Charming Python: How to actually close a socket by calling shutdown() before calling close()

March 6, 2014March 6, 2014 IMVU Engineering Leave a comment

By Eric Hohenstein

You may never have to use the Python low-level socket interface but if you ever do, here’s a tip regarding some surprising Python socket behavior that might help you.

The standard Python library has a “socket” module written in Python that wraps an underlying “_socket” module written in C that wraps OS level sockets. Together, these expose a cross-platform Berkeley socket-like interface to Python applications. I say Berkeley socket-like because the socket functions are exposed on an object rather than global free-functions. The surprise with this interface is that the close() function of the socket object does not close the socket. Instead, it de-references it, allowing garbage collection to eventually close the OS-level socket. If you only use the close() method on a socket, the socket will continue using both client and server resources until it is garbage collected. Worse, if the other end is continuing to send data to the locally discarded socket, it may block when the receive window of local socket fills up. Even worse than that, if the software handling the other end of the socket is written in erlang and 0 window packets are dropped somewhere in between (for instance because of overly aggressive firewall rules), the other end may block until the socket gets garbage collected even if the socket is configured to immediately time out send operations if they would block.

The solution is to first call shutdown() on the socket before calling close(). You have to be careful doing this if the socket is being read/written by multiple threads simultaneously but down that path lies madness, so don’t do that.

The Python documentation for the socket module actually does briefly mention this but doesn’t really give much of an explanation as to why it’s necessary. Really, the Python documentation on the subject is correct in that calling shutdown is better form. However, in cases where you are sure that the application state of the connection is no longer valid, it should be possible to bypass the shutdown and close the socket to simply free its resources immediately.

Why is it necessary to call shutdown() before close()? Let’s take a look at the socket.py module from the standard Python library. These code snippets are all taken from Python 2.6 source, though I’ve confirmed that Python 2.7 and Python 3.0 behave similarly. First, socket.py imports everything from _socket, which includes a class called socket:

import _socket

from _socket import *

Then, it saves a reference to _socket.socket called _realsocket

_realsocket = socket

Then it defines a list of functions that will be exposed from the real socket object to the wrapper class (see below):

_socketmethods = (

‘bind’, ‘connect’, ‘connect_ex’, ‘fileno’, ‘listen’,

‘getpeername’, ‘getsockname’, ‘getsockopt’, ‘setsockopt’,

‘sendall’, ‘setblocking’,

‘settimeout’, ‘gettimeout’, ‘shutdown’)

Note that ‘close’ is not in that list but ‘shutdown’ is.

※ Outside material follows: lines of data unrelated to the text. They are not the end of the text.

(* Fix $\delta>0$, $\epsilon>0$, and an integer $L\geq 2$. A learner strategy $\phi\in\Phi_N$ is $(\epsilon,\delta,L)$-secure if and only if it is $(\epsilon,\delta,L)$-private.
   Context: Setting: a learner wants to determine a true value $v^*\in[0,1)$. At step $k$ she submits a query $q_k\in[0,1)$ and receives the response $r_k=\mathbb{I}(v^*\geq q_k)$. A learner strategy $\phi$ of length $N$ uses a random seed $Y$, uniform on $\{1,2,\dots,\mathcal{Y}\}$, and consists of query functions $q_1=\phi_1(Y)$ and $q_k=\phi_k(r_1,\dots,r_{k-1},Y)$ for $k=2,\dots,N$, together with an estimation function $\hat{x}=\phi^E(r_1,\dots,r_N,Y)$. $\Phi_N$ denotes the set of all learner strategies of length $N$. An adversary observes the queries (but not the responses) and knows the strategy $\phi$, including the distribution of $Y$. For $x\in[0,1)$, $\mathcal{Q}(x)$ is the set of query sequences $\overline{q}\in[0,1)^N$ that occur with positive probability (over $Y$) when $v^*=x$, and $\mathcal{Q}=\bigcup_{x\in[0,1)}\mathcal{Q}(x)$. The adversary's information set is $\mathcal{I}(\overline{q})=\{x\in[0,1):\overline{q}\in\mathcal{Q}(x)\}$. A collection of $L$ closed intervals $[a_1,b_1],\dots,[a_L,b_L]$ with $b_j-a_j\leq\delta$ for all $j$ and whose union contains a set $\mathcal{E}\subset\mathbb{R}$ is a $(\delta,L)$ cover of $\mathcal{E}$; $\mathcal{E}$ is $(\delta,L)$-coverable if such a cover exists, and the $\delta$-cover number is $C_\delta(\mathcal{E})=\min\{L\in\mathbb{N}:\mathcal{E}\text{ is }(\delta,L)\text{-coverable}\}$. $\phi$ is $(\epsilon,\delta,L)$-private if (1) accuracy: $\mathbb{P}(|\hat{x}(x,Y)-x|\leq\epsilon/2)=1$ for all $x\in[0,1)$, where $\hat{x}(x,Y)$ is the learner's estimate when $v^*=x$; and (2) privacy: $C_\delta(\mathcal{I}(\overline{q}))\geq L$ for every $x\in[0,1)$ and every $\overline{q}\in\mathcal{Q}(x)$. An adversary estimator $\hat{x}^a$ is a random variable whose value is determined by the observed query sequence $\overline{q}$ together with an independent randomization. It is $(\delta,L)$-correct with respect to $\overline{q}\in\mathcal{Q}$ if $\mathbb{P}(|\hat{x}^a(\overline{q})-x|\leq\delta/2)>1/L$ for all $x\in\mathcal{I}(\overline{q})$ (probability over the estimator's randomization). $\phi$ is $(\epsilon,\delta,L)$-secure if it satisfies the same accuracy constraint (1) and, for every $\overline{q}\in\mathcal{Q}$, there is no adversary estimator that is $(\delta,L)$-correct with respect to $\overline{q}$; i.e., for every $\overline{q}\in\mathcal{Q}$ and every adversary estimator there exists $x\in\mathcal{I}(\overline{q})$ with $\mathbb{P}(|\hat{x}^a(\overline{q})-x|\leq\delta/2)\leq 1/L$. *)

From HB Require Import structures.
From mathcomp Require Import all_boot all_order all_algebra.
From mathcomp Require Import all_classical all_reals all_analysis.
Set Implicit Arguments. Unset Strict Implicit. Unset Printing Implicit Defensive.
Import Order.TTheory GRing.Theory Num.Theory.
Local Open Scope classical_set_scope.
Local Open Scope ring_scope.

Definition coverable (R : realType) (delta : R) (L : nat) (E : set R) : Prop :=
  exists a b : nat -> R,
    (forall j, (j < L)%N -> b j - a j <= delta) /\
    (forall x, E x -> exists2 j, (j < L)%N & a j <= x <= b j).

(* C_delta(E) = min { L in N : E is (delta, L)-coverable }
   (an arbitrary value, 0, if no such L exists). *)
Definition cover_number (R : realType) (delta : R) (E : set R) : nat :=
  xget 0%N [set n | coverable delta n E /\
                    (forall m, coverable delta m E -> (n <= m)%N)].

(* The seed Y is uniform on a set of Ys >= 1 elements, represented by
   'I_Ys (i.e. {0, ..., Ys-1} instead of {1, ..., Ys}).
   The k-th query function phi_k(r_1,...,r_{k-1},Y) is
   [query [:: r_1; ...; r_{k-1}] Y]; the estimation function
   phi^E(r_1,...,r_N,Y) is [estimate [:: r_1; ...; r_N] Y]. *)
Record strategy (R : realType) (N : nat) := Strategy {
  nseeds : nat;
  nseeds_gt0 : (0 < nseeds)%N;
  query : seq bool -> 'I_nseeds -> R;
  query_range : forall rs y, 0 <= query rs y < 1;
  estimate : seq bool -> 'I_nseeds -> R
}.

Section Run.
Variables (R : realType) (N : nat) (phi : strategy R N).

Fixpoint responses (x : R) (y : 'I_(nseeds phi)) (k : nat) : seq bool :=
  match k with
  | 0 => [::]
  | k'.+1 => let rs := responses x y k' in
             rcons rs (@query R N phi rs y <= x)
  end.

Definition queries (x : R) (y : 'I_(nseeds phi)) : seq R :=
  [seq @query R N phi (responses x y k) y | k <- iota 0 N].

Definition learner_estimate (x : R) (y : 'I_(nseeds phi)) : R :=
  @estimate R N phi (responses x y N) y.

Definition seed_prob (A : {pred 'I_(nseeds phi)}) : R :=
  #|A|%:R / (nseeds phi)%:R.

Definition Qx (x : R) : set (seq R) :=
  [set qs | 0 < seed_prob [pred y | queries x y == qs]].

Definition Qall : set (seq R) :=
  [set qs | exists2 x, 0 <= x < 1 & Qx x qs].

Definition info (qs : seq R) : set R :=
  [set x | 0 <= x < 1 /\ Qx x qs].

Definition accurate (eps : R) : Prop :=
  forall x, 0 <= x < 1 ->
    seed_prob [pred y | `|learner_estimate x y - x| <= eps / 2] = 1.

End Run.

Definition private (R : realType) (N : nat) (eps delta : R) (L : nat)
    (phi : strategy R N) : Prop :=
  accurate phi eps /\
  forall x, 0 <= x < 1 -> forall qs, Qx phi x qs ->
    (L <= cover_number delta (info phi qs))%N.

(* An adversary estimator for a fixed observed query sequence: a real
   random variable X on an (arbitrary) probability space modelling the
   independent randomization. *)
Definition adversary_correct (R : realType) (N : nat) (delta : R) (L : nat)
    (phi : strategy R N) (qs : seq R)
    (d : measure_display) (Omega : measurableType d)
    (P : probability Omega R) (X : Omega -> R) : Prop :=
  forall x, info phi qs x ->
    lte ((L%:R)^-1)%:E (P [set w | `|X w - x| <= delta / 2]).

Definition secure (R : realType) (N : nat) (eps delta : R) (L : nat)
    (phi : strategy R N) : Prop :=
  accurate phi eps /\
  forall qs, Qall phi qs ->
    forall (d : measure_display) (Omega : measurableType d)
           (P : probability Omega R) (X : Omega -> R),
      measurable_fun setT X ->
      ~ adversary_correct delta L phi qs P X.

From HB Require Import structures.
From mathcomp Require Import all_boot all_order all_algebra.
From mathcomp Require Import all_classical all_reals all_analysis.
From mathcomp Require Import lra.
Import Order.TTheory GRing.Theory Num.Theory.
Local Open Scope ring_scope.
Local Open Scope classical_set_scope.
Set Implicit Arguments. Unset Strict Implicit.

(* If the information set I(q) contains no n+1 points pairwise more than delta
   apart, a greedy cover starting at inf I(q) needs only n intervals.  Hence
   C_delta(I(q)) >= L yields L such points y_i; the events |X - y_i| <= delta/2
   are then disjoint, so one of them has probability at most 1/L and no
   adversary estimator is correct.  Conversely, if C_delta(I(q)) = k < L, the
   adversary guessing the midpoint of a uniformly chosen interval of an optimal
   cover is within delta/2 of every x in I(q) with probability >= 1/k > 1/L. *)

Section covers.
Variables (R : realType) (delta : R).

(* a chain has n.+1 points y 0, ..., y n *)
Definition sep_chain (E : set R) (n : nat) (y : nat -> R) : Prop :=
  (forall i, (i <= n)%N -> E (y i)) /\
  (forall i, (i < n)%N -> y i + delta < y i.+1).

Lemma sep_chain_lt E n y : 0 <= delta -> sep_chain E n y ->
  forall i j, (i < j <= n)%N -> y i + delta < y j.
Proof.
move=> delta_ge0 [_ gap] i; elim=> [//|j IH] /andP[]; rewrite ltnS leq_eqVlt.
case/orP=> [/eqP <- /gap //| ij jn].
have := gap j jn; have := IH (introT andP (conj ij (ltnW jn))); lra.
Qed.

(* Greedy cover: the first interval is [inf E, inf E + delta]; a chain in the
   rest of E extends by a point of E close enough to inf E. *)
Lemma coverable_no_sep_chain n (E : set R) : has_lbound E ->
  (forall y, ~ sep_chain E n y) -> coverable delta n E.
Proof.
elim: n E => [|n IH] E Elb nochain.
  exists (fun=> 0), (fun=> 0); split => // x Ex.
  by case: (nochain (fun=> x)); split.
have [[x0 Ex0]|E0] := pselect (exists x, E x); last first.
  exists (fun=> 0), (fun=> delta); split=> [j _|x Ex]; first by rewrite subr0.
  by case: E0; exists x.
set m := inf E.
have Einf : has_inf E by split; first by exists x0.
have [a [b [ab cov]]] : coverable delta n [set x | E x /\ m + delta < x].
  apply: IH => [|y [yE ygap]].
    by case: Elb => l lE; exists l => x [/lE].
  have [_ my0] := yE 0%N isT.
  have [e Ee ee] := @inf_adherent R E (y 0%N - delta - m) ltac:(lra) Einf.
  apply: (nochain (fun i => if i is i'.+1 then y i' else e)); split.
    by case=> [|i] //= /yE [].
  by case=> [|i] /= ?; [rewrite /m in ee *; lra | exact: ygap].
exists (fun j => if j is j'.+1 then a j' else m).
exists (fun j => if j is j'.+1 then b j' else m + delta); split.
  by case=> [|j] /= ?; [rewrite addrC addKr | exact: ab].
move=> x Ex; have [xm|mx] := leP x (m + delta).
  by exists 0%N => //; rewrite xm andbT; exact: ge_inf.
by have [j ? ?] := cov x (conj Ex mx); exists j.+1.
Qed.

Lemma cover_numberP m E : coverable delta m E ->
  coverable delta (cover_number delta E) E /\ (cover_number delta E <= m)%N.
Proof.
move=> covm; have ex : exists n, `[< coverable delta n E >] by exists m; apply/asboolP.
case: (ex_minnP ex) => k /asboolP covk kmin.
have [] := @xgetPex _ 0%N
  [set n | coverable delta n E /\ forall m, coverable delta m E -> (n <= m)%N].
  by exists k; split=> // m' /asboolP/kmin.
by move=> covc cmin; split=> //; exact: cmin.
Qed.

Lemma sep_chain_lt_cover_number n E : has_lbound E ->
  (n < cover_number delta E)%N -> exists y, sep_chain E n y.
Proof.
move=> Elb ncov; apply: contrapT => nochain.
have nochain' y : ~ sep_chain E n y by move=> chain; apply: nochain; exists y.
have [_] := cover_numberP (coverable_no_sep_chain Elb nochain').
by rewrite leqNgt ncov.
Qed.

Lemma coverable_bounded (lo hi : R) E : 0 < delta ->
  (forall x, E x -> lo <= x <= hi) -> exists n, coverable delta n E.
Proof.
move=> delta_gt0 Ebnd.
set n := Num.Def.archi_bound (`|hi - lo| / delta).
exists n; apply: coverable_no_sep_chain => [|y [yE gap]].
  by exists lo => x /Ebnd /andP[].
have spread i : (i <= n)%N -> y 0%N + i%:R * delta <= y i.
  elim: i => [|i IH] lt_in; first by rewrite mul0r addr0.
  have := gap i lt_in; have := IH (ltnW lt_in); rewrite -natr1; lra.
have : `|hi - lo| / delta < n%:R by apply: archi_boundP; rewrite divr_ge0 // ltW.
rewrite ltr_pdivrMr // => /(le_lt_trans (ler_norm _)).
have := spread n (leqnn n); have /andP[lo_y0 _] := Ebnd _ (yE 0%N isT).
have /andP[_ yn_hi] := Ebnd _ (yE n (leqnn n)); lra.
Qed.
End covers.

Section near_prob.
Variable R : realType.
Local Open Scope ereal_scope.

Lemma prob_trivIset_le_inv d (T : measurableType d) (P : probability T R) n
    (F : 'I_n.+1 -> set T) :
  (forall i, measurable (F i)) -> trivIset setT F ->
  exists i, P (F i) <= (n.+1%:R^-1)%:E.
Proof.
move=> mF tF; apply: contrapT => /forallNP big.
have finF i : P (F i) = (fine (P (F i)))%:E.
  by rewrite fineK // ge0_fin_numE // (le_lt_trans (probability_le1 P (mF i))) ?ltry.
have := probability_le1 P
  (bigsetU_measurable (index_enum 'I_n.+1) (fun i (_ : predT i) => mF i)).
rewrite (measure_bigsetU_ord P predT mF tF) (eq_bigr _ (fun i _ => finF i)).
rewrite sumEFin lee_fin leNgt => /negP; apply.
have lt_i i : (n.+1%:R^-1 < fine (P (F i)))%R.
  by rewrite -lte_fin -finF ltNge; apply/negP/big.
apply: le_lt_trans (ltr_sum _ (fun i _ => lt_i i)); last first.
  by apply/hasP; exists ord0; rewrite ?mem_index_enum.
by rewrite sumr_const card_ord -[(_^-1 *+ _)%R]mulr_natr mulVf.
Qed.

Lemma measurable_dist_le d (T : measurableType d) (X : T -> R) (x r : R) :
  measurable_fun setT X -> measurable [set w | `|X w - x| <= r]%R.
Proof.
move=> mX; have := mX measurableT _ (measurable_itv `[x - r, x + r]%R).
rewrite setTI; congr measurable.
by apply/seteqP; split=> w /=; rewrite in_itv /= ler_distl.
Qed.

Lemma sep_chain_near_prob (delta : R) d (T : measurableType d)
    (P : probability T R) (X : T -> R) E n y :
  (0 <= delta)%R -> measurable_fun setT X -> sep_chain delta E n y ->
  exists i : 'I_n.+1, P [set w | `|X w - y i| <= delta / 2]%R <= (n.+1%:R^-1)%:E.
Proof.
move=> delta_ge0 mX chain; apply: prob_trivIset_le_inv => [i|].
  exact: measurable_dist_le.
apply/trivIsetP => i j _ _ ij.
wlog lt_ij : i j ij / (i < j)%N.
  move=> W; case: (ltngtP i j) => [|lt_ji|/val_inj eq_ij]; first exact: W.
    by rewrite setIC; apply: W; rewrite // eq_sym.
  by rewrite eq_ij eqxx in ij.
have := sep_chain_lt delta_ge0 chain (introT andP (conj lt_ij (ltn_ord j))).
move=> sep; apply/seteqP; split=> // w [] /=.
by rewrite !ler_distl => /andP[? ?] /andP[? ?]; lra.
Qed.

Lemma mnormalizeE d (T : measurableType d) (mu : {measure set T -> \bar R})
    (P : probability T R) (m : R) :
  (0 < m)%R -> mu setT = m%:E -> forall A, mnormalize mu P A = mu A * (m^-1)%:E.
Proof. by move=> m_gt0 muT A; rewrite /mnormalize muT /= eqe gt_eqF. Qed.

Lemma coverable_near_prob (delta : R) k E : (0 < k)%N -> coverable delta k E ->
  exists P : probability R R,
    forall x, E x -> (k%:R^-1)%:E <= P [set w | `|w - x| <= delta / 2]%R.
Proof.
move=> k_gt0 [a [b [ab cov]]].
pose mu := msum (fun j => @dirac _ R ((a j + b j) / 2)%R R) k.
have muT : mu setT = k%:R%:E.
  rewrite /mu /msum /=; under eq_bigr do rewrite diracT.
  by rewrite sumEFin sumr_const card_ord.
have k_gt0R : (0 < k%:R :> R)%R by rewrite ltr0n.
pose Pr := mnormalize mu (@dirac _ R 0%R R).
suff Pr_ge x : E x -> (k%:R^-1)%:E <= Pr [set w | `|w - x| <= delta / 2]%R.
  by exists Pr.
move=> Ex; rewrite /Pr (mnormalizeE _ k_gt0R muT).
have [j jk /andP[ajx xbj]] := cov x Ex.
have mu_ge1 : 1 <= mu [set w | `|w - x| <= delta / 2]%R.
  rewrite /mu /msum /= (bigD1 (Ordinal jk)) //=.
  apply: le_trans (leeDl _ (sume_ge0 _ _)); last by move=> *; exact: measure_ge0.
  rewrite diracE mem_set //= ler_distl; have := ab j jk; lra.
by apply: le_trans (lee_wpmul2r _ mu_ge1); rewrite ?mul1e // lee_fin invr_ge0.
Qed.

End near_prob.

Section strategy.
Variables (R : realType) (N : nat) (phi : strategy R N).

Lemma info_bounded qs x : info phi qs x -> 0 <= x <= 1.
Proof. by move=> [/andP[x_ge0 /ltW x_le1] _]; rewrite x_ge0. Qed.

Lemma secure_of_private (eps delta : R) L : 0 <= delta -> (0 < L)%N ->
  private eps delta L phi -> secure eps delta L phi.
Proof.
move=> delta_ge0 L_gt0 [acc priv].
split=> // qs [x x01 Qx_qs] d Omega P X mX correct.
have info_lb : has_lbound (info phi qs) by exists 0 => z /info_bounded /andP[].
have [n L_eq] : exists n, L = n.+1 by exists L.-1; rewrite prednK.
rewrite L_eq in correct priv.
have [y chain] := sep_chain_lt_cover_number info_lb (priv x x01 qs Qx_qs).
have [i Pi_le] := sep_chain_near_prob P delta_ge0 mX chain.
have := correct (y i) (chain.1 i (ltn_ord i)).
by rewrite ltNge Pi_le.
Qed.

Lemma private_of_secure (eps delta : R) L : 0 < delta ->
  secure eps delta L phi -> private eps delta L phi.
Proof.
move=> delta_gt0 [acc sec]; split=> // x x01 qs Qx_qs.
rewrite leqNgt; apply/negP => kL.
have [n /cover_numberP[covk _]] := coverable_bounded delta_gt0 (@info_bounded qs).
have k_gt0 : (0 < cover_number delta (info phi qs))%N.
  by have [a [b [_ /(_ x (conj x01 Qx_qs))[j + _]]]] := covk; apply: leq_ltn_trans.
have [Pr Pr_ge] := coverable_near_prob k_gt0 covk.
apply: (sec qs (ex_intro2 _ _ x x01 Qx_qs) _ _ Pr id (@measurable_id _ _ setT)) => z Ez.
apply: lt_le_trans (Pr_ge z Ez).
by rewrite lte_fin ltf_pV2 ?posrE ?ltr0n ?ltr_nat // (ltn_trans k_gt0).
Qed.

End strategy.

Theorem proposition2 (R : realType) (delta eps : R) (L N : nat)
  (hdelta : 0 < delta) (heps : 0 < eps) (hL : (2 <= L)%N)
  (phi : strategy R N) :
  secure eps delta L phi <-> private eps delta L phi.
Proof.
split; first exact: private_of_secure.
by apply: secure_of_private; [exact: ltW | exact: ltn_trans hL].
Qed.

Then it defines a _closedsocket class that will fail all operaitons:

class _closedsocket(object):

__slots__ = []

def _dummy(*args):

raise error(EBADF, ‘Bad file descriptor’)

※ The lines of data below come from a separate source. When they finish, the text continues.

(* Everything rests on a relative prime filter theorem: if a relation rho on
   A is transitive, contains the lattice order, and is closed under meets on
   the right and joins on the left, then any a, c with ~ rho a c are separated
   by a rho-closed prime filter (Zorn's lemma).  With rho x y the statement
   "x -> y in P", resp. "x <- y not in P", this yields the R- and S-successors
   of P that make Theta Y respect -> and <-; with rho x y := th (x /\ y) x it
   yields enough prime filters in Theta^-1 th to recover th.  Conversely, a
   closed Y is recovered from Theta Y because every point outside Y has a
   basic neighbourhood sigma a \ sigma b disjoint from Y, so that
   (a, a /\ b) is in Theta Y. *)

From Stdlib Require Import List.
Import ListNotations.
From mathcomp Require Import ssreflect ssrfun ssrbool boolp classical_sets.

Set Implicit Arguments.
Unset Strict Implicit.
Local Open Scope classical_set_scope.

Section Lattice.
Variable A : WHB.
Implicit Types x y z : A.

Lemma wmeetxx x : wmeet x x = x.
Proof. by rewrite -{2}(absorb_jm A x x) absorb_mj. Qed.

Lemma wle_refl x : wle x x.
Proof. exact: wmeetxx. Qed.

Lemma wle_trans x y z : wle x y -> wle y z -> wle x z.
Proof. by rewrite /wle => xy yz; rewrite -xy -meetA yz. Qed.

Lemma wle_meetl x y : wle (wmeet x y) x.
Proof. by rewrite /wle -meetA [wmeet y x]meetC meetA wmeetxx. Qed.

Lemma wle_meetr x y : wle (wmeet x y) y.
Proof. by rewrite /wle -meetA wmeetxx. Qed.

Lemma wle_meet x y z : wle x y -> wle x z -> wle x (wmeet y z).
Proof. by rewrite /wle => xy xz; rewrite meetA xy. Qed.

Lemma wle_meet2 x y x' y' : wle x x' -> wle y y' -> wle (wmeet x y) (wmeet x' y').
Proof.
move=> xx' yy'; apply: wle_meet.
- exact: wle_trans (wle_meetl _ _) xx'.
- exact: wle_trans (wle_meetr _ _) yy'.
Qed.

Lemma wle0x x : wle wzero x.
Proof. by rewrite /wle -{1}(join0 A x) joinC absorb_mj. Qed.

Lemma wlex1 x : wle x wone.
Proof. exact: meet1. Qed.

Lemma wle_joinl x y : wle x (wjoin x y).
Proof. exact: absorb_mj. Qed.

Lemma wle_joinr x y : wle y (wjoin x y).
Proof. by rewrite joinC; apply: absorb_mj. Qed.

Lemma wle_wimp1 x y : wle x y -> wimp x y = wone.
Proof.
rewrite /wle => xy.
by rewrite -[RHS](imp_refl A x) -{3}xy imp_meet imp_refl meetC meet1.
Qed.

Lemma wle_wcoimp0 x y : wle x y -> wcoimp x y = wzero.
Proof.
rewrite /wle => xy.
by rewrite -[RHS](coimp_refl A x) -{3}xy coimp_meet coimp_refl joinC join0.
Qed.

End Lattice.

Section PrimeFilters.
Variables (A : WHB) (P : X A).
Implicit Types x y : A.

Lemma pf_top : proj1_sig P wone.
Proof. by case: (proj2_sig P). Qed.

Lemma pf_bot : ~ proj1_sig P wzero.
Proof. by case: (proj2_sig P) => _ [bot _]. Qed.

Lemma pf_up x y : proj1_sig P x -> wle x y -> proj1_sig P y.
Proof. by case: (proj2_sig P) => _ [_ [up _]]; apply: up. Qed.

Lemma pf_meetE x y : proj1_sig P (wmeet x y) <-> proj1_sig P x /\ proj1_sig P y.
Proof.
split=> [Pxy | [Px Py]]; last by case: (proj2_sig P) => _ [_ [_ [meet _]]]; apply: meet.
by split; apply: pf_up Pxy _; [apply: wle_meetl | apply: wle_meetr].
Qed.

Lemma pf_joinE x y : proj1_sig P (wjoin x y) <-> proj1_sig P x \/ proj1_sig P y.
Proof.
split=> [| [Px | Py]]; first by case: (proj2_sig P) => _ [_ [_ [_ join]]]; apply: join.
- exact: pf_up Px (wle_joinl _ _).
- exact: pf_up Py (wle_joinr _ _).
Qed.

End PrimeFilters.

# All _delegate_methods must also be initialized here.

send = recv = recv_into = sendto = recvfrom = recvfrom_into = _dummy

__getattr__ = _dummy

Then, it defines a class called _socketobject. Note the comment before the start of this class:

# Wrapper around platform socket objects. This implements

# a platform-independent dup() functionality. The

# implementation currently relies on reference counting

# to close the underlying socket object.

class _socketobject(object):

__doc__ = _realsocket.__doc__

__slots__ = [“_sock”, “__weakref__”] + list(_delegate_methods)

def __init__(self, family=AF_INET, type=SOCK_STREAM, proto=0, _sock=None):

if _sock is None:

_sock = _realsocket(family, type, proto)

self._sock = _sock

for method in _delegate_methods:

setattr(self, method, getattr(_sock, method))

Within the _socketobject class, it defines a method for each of the functions exposed by the _socket class:

_s = (“def %s(self, *args): return self._sock.%s(*args)\n\n”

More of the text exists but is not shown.